Schagrin v. Wilmington Medical Center, Inc.Annotate this Case
304 A.2d 61 (1973)
Martin A. SCHAGRIN, Administrator of the Estate of Terry Johnson, Plaintiff, v. WILMINGTON MEDICAL CENTER, INC., a corporation of the State of Delaware, Defendant.
Superior Court of Delaware, New Castle.
March 8, 1973.
*62 Morton Richard Kimmel, Wilmington, for plaintiff.
Rodney M. Layton, Jane R. Roth, Richards, Layton & Finger, Wilmington, for defendant.OPINION
On July 1, 1969, Terry Johnson, a nine year old child, fell on a sidewalk while playing with other children. She received a two and one-half inch cut on her left leg just below the knee from a broken soda bottle. Her sister, Shirley Johnson, immediately took her the the Emergency Room of the Delaware Division, of the Wilmington Medical Center. At the Emergency Room she was treated by the physician in charge who cleaned the wound and closed it with stitches. She was instructed by the physician to see her family doctor within five days.
However, on Sunday, July 6, 1969, the child returned to the same Emergency Room complaining of continuing pain. She was treated by the physician in charge, a different one than the one who had treated her on the first occasion, who noted a tremendous swelling in the knee area and removed an Ace bandage from *63 her leg which had been applied by the first physician. The second physician noted an early infection, directed that the leg be elevated and removed two stitches to permit drainage. He further instructed the child and her mother to soak the cut with warm Dial soap solution every one-half hour. He further stressed that she should return the next morning to the Surgery Clinic.

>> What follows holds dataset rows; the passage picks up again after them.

Definition exposed_by (X : normedModType K) (C : set X) (x0 : X) (f : X -> K) : Prop :=
  [/\ C x0,
      (forall x, C x -> re (f x) <= re (f x0)) &
      (forall x, C x -> re (f x) = re (f x0) -> x = x0)].

Definition strongly_exposed_by (X : normedModType K) (C : set X) (x0 : X)
    (f : X -> K) : Prop :=
  exposed_by C x0 f /\
  forall xs : nat -> X, (forall n, C (xs n)) ->
    (fun n => re (f (xs n))) @ \oo --> re (f x0) ->
    (fun n => `|xs n - x0|) @ \oo --> (0 : K).

Definition exposed_point (X : normedModType K) (C : set X) (x0 : X) : Prop :=
  exists f : {linear X -> K^o}, dual_elt f /\ exposed_by C x0 f.

Definition strongly_exposed_point (X : normedModType K) (C : set X) (x0 : X) : Prop :=
  exists f : {linear X -> K^o}, dual_elt f /\ strongly_exposed_by C x0 f.

Definition lemma2p2_claim : Prop :=
  forall (X Y : completeNormedModType K) (T : {linear X -> Y}) (C : set X),
    bounded_operator T -> monomorphism T -> bounded_set C ->
    forall x0 : X, C x0 ->
    (forall x, C x -> `|T x| <= `|T x0|) ->
    (LUR_point (T x0) ->
       strongly_exposed_point C x0 /\
       forall ys : {linear Y -> K^o}, dual_elt ys -> dual_norm_one ys ->
         re (ys (T x0)) = `|T x0| ->
         strongly_exposed_by C x0 (fun x => ys (T x))) /\
    (rotund_point (T x0) ->
       exposed_point C x0 /\
       forall ys : {linear Y -> K^o}, dual_elt ys -> dual_norm_one ys ->
         re (ys (T x0)) = `|T x0| ->
         exposed_by C x0 (fun x => ys (T x))).

End Defs.

From HB Require Import structures.
From mathcomp Require Import all_boot all_order all_algebra.
From mathcomp Require Import all_classical all_reals all_analysis.
From mathcomp Require Import complex.
From mathcomp Require Import lra ring.
Import numFieldNormedType.Exports.
Import Order.TTheory GRing.Theory Num.Theory.

Set Implicit Arguments.
Unset Strict Implicit.
Unset Printing Implicit Defensive.

Local Open Scope ring_scope.
Local Open Scope classical_set_scope.

(* If a norming functional y* (norm one, Re y*(T x0) = |T x0|) nearly attains
   its value at T x0 on T x with x in C, then |T x + T x0| >= Re y*(T x + T x0)
   is nearly 2 |T x0| while |T x| <= |T x0|.  Local uniform rotundity (resp.
   rotundity) at T x0 then forces T x to be close to (resp. equal to) T x0, and
   |T x| >= c |x| carries this back to x.  Norming functionals exist by the
   Hahn-Banach theorem, proved with Zorn's lemma over the reals and transferred
   to complex scalars by the complexification u |-> u y - i u (i y). *)

Section SeminormHahnBanach.
Variables (R : realType) (V : lmodType R) (p : V -> R).
Hypothesis pD : forall x y, p (x + y) <= p x + p y.
Hypothesis pZ : forall r x, p (r *: x) = `|r| * p x.

Lemma seminorm0 : p 0 = 0.
Proof. by have := pZ 0 0; rewrite scale0r normr0 mul0r. Qed.

Lemma seminorm_ge0 x : 0 <= p x.
Proof.
have := pD x (- x); rewrite subrr seminorm0.
by have := pZ (-1) x; rewrite scaleN1r normrN normr1 mul1r => ->; lra.
Qed.

(* Partial linear functionals are encoded by their graphs, so that a chain of
   extensions is joined by a plain union. *)
Definition dominated_graph (G : set (V * R)) :=
  [/\ forall x a y b, G (x, a) -> G (y, b) -> G (x + y, a + b),
      forall r x a, G (x, a) -> G (r *: x, r * a) &
      forall x a, G (x, a) -> a <= p x].

Lemma dominated_graph_functional G x a b :
  dominated_graph G -> G (x, a) -> G (x, b) -> a = b.
Proof.
move=> [GD GZ Gp] Ga Gb.
have Gab := GD _ _ _ _ Ga (GZ (-1) _ _ Gb).
have Gba := GD _ _ _ _ Gb (GZ (-1) _ _ Ga).
rewrite scaleN1r subrr in Gab Gba.
by have := Gp _ _ Gab; have := Gp _ _ Gba; rewrite seminorm0; lra.
Qed.

Section OneStepExtension.
Variables (H : set (V * R)) (z : V).
Hypotheses (domH : dominated_graph H) (H00 : H (0, 0)).

(* The admissible values [c] for the new functional at [z] form the interval
   [sup_(d, a) (a - p (d - z)), inf_(d, a) (p (d + z) - a)], which is nonempty
   by subadditivity of [p]. *)
Lemma extension_value_exists : exists c, forall d a, H (d, a) ->
  a - p (d - z) <= c /\ c <= p (d + z) - a.
Proof.
case: domH => [HD _ Hp].
pose L := [set e | exists d a, H (d, a) /\ e = a - p (d - z)].
have Lub d' a' : H (d', a') -> ubound L (p (d' + z) - a').
  move=> Hd' e [d [a [Hd ->]]].
  have := Hp _ _ (HD _ _ _ _ Hd Hd'); have := pD (d - z) (d' + z).
  by rewrite addrACA addNr addr0; lra.
have L0 : L !=set0 by exists (0 - p (0 - z)), 0, 0.
have supL : has_sup L by split; last by exists (p (0 + z) - 0); exact: Lub H00.
exists (sup L) => d a Hd; split; first by apply: sup_upper_bound => //; exists d, a.
by apply: ge_sup L0 _; apply: Lub.
Qed.

Definition graph_extension (c : R) : set (V * R) :=
  [set xa | exists d a t, H (d, a) /\ xa = (d + t *: z, a + t * c)].
(* Let $a_1,a_2,a_3\in\mathbb C$ be distinct and non-collinear, $\{i,j,k\}=\{1,2,3\}$, let $b$ be a point in the interior of the triangle $\Delta_Q$, and let $l_b$ be the straight line through $b$ parallel to the side $\overline{a_ja_k}$. Then there exists a unique point $b'\in l_b$ such that $\int_{a_j}^{a_k}\sqrt{\frac{b'-t}{(t-a_1)(t-a_2)(t-a_3)}}\,dt\in\mathbb R$, and moreover $b'\in\Delta_Q\cap l_b$.
   Context: $\Delta_Q$ is the convex hull of $a_1,a_2,a_3$. The integral is along the straight segment from $a_j$ to $a_k$ with a continuous branch of the square root (the reality condition does not depend on the branch). *)

From Stdlib Require Import Reals Lra.
Open Scope R_scope.

Definition Cpx : Type := (R * R)%type.
Definition Re (z : Cpx) : R := fst z.
Definition Im (z : Cpx) : R := snd z.
Definition Cadd (z w : Cpx) : Cpx := (fst z + fst w, snd z + snd w).
Definition Csub (z w : Cpx) : Cpx := (fst z - fst w, snd z - snd w).
Definition Cmul (z w : Cpx) : Cpx :=
  (fst z * fst w - snd z * snd w, fst z * snd w + snd z * fst w).
Definition Cinv (z : Cpx) : Cpx :=
  (fst z / (fst z ^ 2 + snd z ^ 2), - snd z / (fst z ^ 2 + snd z ^ 2)).
Definition Cdiv (z w : Cpx) : Cpx := Cmul z (Cinv w).
Definition Cscale (r : R) (z : Cpx) : Cpx := (r * fst z, r * snd z).

Definition noncollinear (a1 a2 a3 : Cpx) : Prop :=
  (fst a2 - fst a1) * (snd a3 - snd a1) - (snd a2 - snd a1) * (fst a3 - fst a1) <> 0.

Definition in_triangle (a1 a2 a3 z : Cpx) : Prop :=
  exists l1 l2 l3 : R, 0 <= l1 /\ 0 <= l2 /\ 0 <= l3 /\ l1 + l2 + l3 = 1 /\
    z = Cadd (Cadd (Cscale l1 a1) (Cscale l2 a2)) (Cscale l3 a3).

Definition in_triangle_interior (a1 a2 a3 z : Cpx) : Prop :=
  exists l1 l2 l3 : R, 0 < l1 /\ 0 < l2 /\ 0 < l3 /\ l1 + l2 + l3 = 1 /\
    z = Cadd (Cadd (Cscale l1 a1) (Cscale l2 a2)) (Cscale l3 a3).

Definition sel (a1 a2 a3 : Cpx) (n : nat) : Cpx :=
  match n with 1%nat => a1 | 2%nat => a2 | _ => a3 end.

Definition on_parallel_line (b p q z : Cpx) : Prop :=
  exists r : R, z = Cadd b (Cscale r (Csub q p)).

Definition improper_int (f : R -> R) (a b l : R) : Prop :=
  (forall c d, a < c -> c <= d -> d < b -> exists _ : Riemann_integrable f c d, True) /\
  (forall eps, 0 < eps -> exists delta, 0 < delta /\
     forall c d (pr : Riemann_integrable f c d),
       a < c -> c < a + delta -> b - delta < d -> d < b -> c <= d ->
       Rabs (RiemannInt pr - l) < eps).

Definition integrand (a1 a2 a3 b' t : Cpx) : Cpx :=
  Cdiv (Csub b' t) (Cmul (Cmul (Csub t a1) (Csub t a2)) (Csub t a3)).

(* The integral  int_{p}^{q} sqrt((b'-t)/((t-a1)(t-a2)(t-a3))) dt  along the straight
   segment t = p + s (q - p), s in (0,1), with a continuous branch h of the square root
   on the open segment, exists (as an improper integral) and is a real number.
   With dt = (q - p) ds, the integral is  int_0^1 h(s) (q - p) ds. *)
Definition segment_integral_real (a1 a2 a3 b' p q : Cpx) : Prop :=
  exists h : R -> Cpx,
    (forall s, 0 < s < 1 ->
        continuity_pt (fun u => fst (h u)) s /\ continuity_pt (fun u => snd (h u)) s) /\
    (forall s, 0 < s < 1 ->
        Cmul (h s) (h s) = integrand a1 a2 a3 b' (Cadd p (Cscale s (Csub q p)))) /\
    (exists L : R, improper_int (fun s => fst (Cmul (h s) (Csub q p))) 0 1 L) /\
    improper_int (fun s => snd (Cmul (h s) (Csub q p))) 0 1 0.

From Stdlib Require Import Reals Ranalysis5 Lra Lia Psatz Field.
From Stdlib Require Import Classical ClassicalEpsilon FunctionalExtensionality.
From Coquelicot Require Import Hierarchy RInt RInt_analysis Derive AutoDerive Continuity.
Open Scope R_scope.

(* Being real is invariant under complex affine maps and under conjugation, and depends only on
   the set of vertices; so we normalize the side to [0,1] and the apex to a + i e with e > 0,
   the parallel becoming Im w = y0 with 0 < y0 < e.  For s in (0,1) the integrand is
   weight(s)^2 (s - w)/(s - alpha) with weight(s) = 1/sqrt(s(1-s)); since (s - w)/(s - alpha)
   avoids the negative real axis, weight(s) times its principal square root is a branch with
   positive real part, and every continuous branch is plus or minus this one.  Thus the integral
   is real iff J(x) = 0, J(x) being the improper integral of the imaginary part of this branch
   at w = x + i y0.  A study of square roots of the points of a line shows that J is continuous
   and strictly decreasing, positive on the side [0, alpha] and negative on the side [1, alpha];
   the intermediate value theorem yields the unique zero, between the two sides. *)

Definition cont01 (f : R -> R) : Prop := forall s, 0 < s < 1 -> continuity_pt f s.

On July 7, 1969, when the child returned to the Surgery Clinic, she was admitted to the hospital. Thereafter cultures were taken of the wound and other tests administered and, in time, antibiotics given. However, the infection was not controlled and on July 12, 1969, Terry Johnson died.
This is an action by the Administrator of the Estate of the deceased child, against the defendant, operator of the hospital involved, in which damages are sought pursuant to 10 Del.C. § 3704(a), (b). The posture of the case at present is that defendant has moved for summary judgment on the basis that there is no genuine issue as to any material fact and that defendant is entitled to judgment as a matter of law.
Defendant's contentions may be summarized as follows:
1. The defendant, the record discloses, entered into an agreement with a partnership known as Doctors For Emergency Services ("DFES") to provide the professional services of medical doctors for the operation of emergency facilities which included the hospital known as Delaware Division. The two doctors who treated the deceased child on July 1, 1969 and July 6, 1969, were duly authorized physicians employed by DFES pursuant to the agreement between DFES and defendant. As a consequence the negligence, if any, of these physicians cannot be attributed to the defendant inasmuch as the services rendered were performed by an independent contractor, neither the agent nor servant of defendant.
2. Plaintiff alleges that the defendant was negligent not only in the Emergency Room but also in the treatment administered to the deceased child after her admission to the hospital. Defendant, based upon an affidavit of a competent medical doctor filed in the record, has presented, in the record, evidence that the treatment administered to the deceased child was the accepted treatment for the condition involved. Plaintiff, on the other hand, has produced no medical support for its contentions relative to treatment other than quotations from a text, Cantor, Traumatic Medicine and Surgery for the Attorney, cited by plaintiff in his brief and argument but not otherwise a part of the record in this case. Summary judgment should be granted to defendant because there is nothing in the record to support the contentions, the medical publications referred to in argument not being admissible as evidence at trial, and Rule 56(e), Del.C.Ann., requires plaintiff to produce a more formal opposition in order for the action to survive.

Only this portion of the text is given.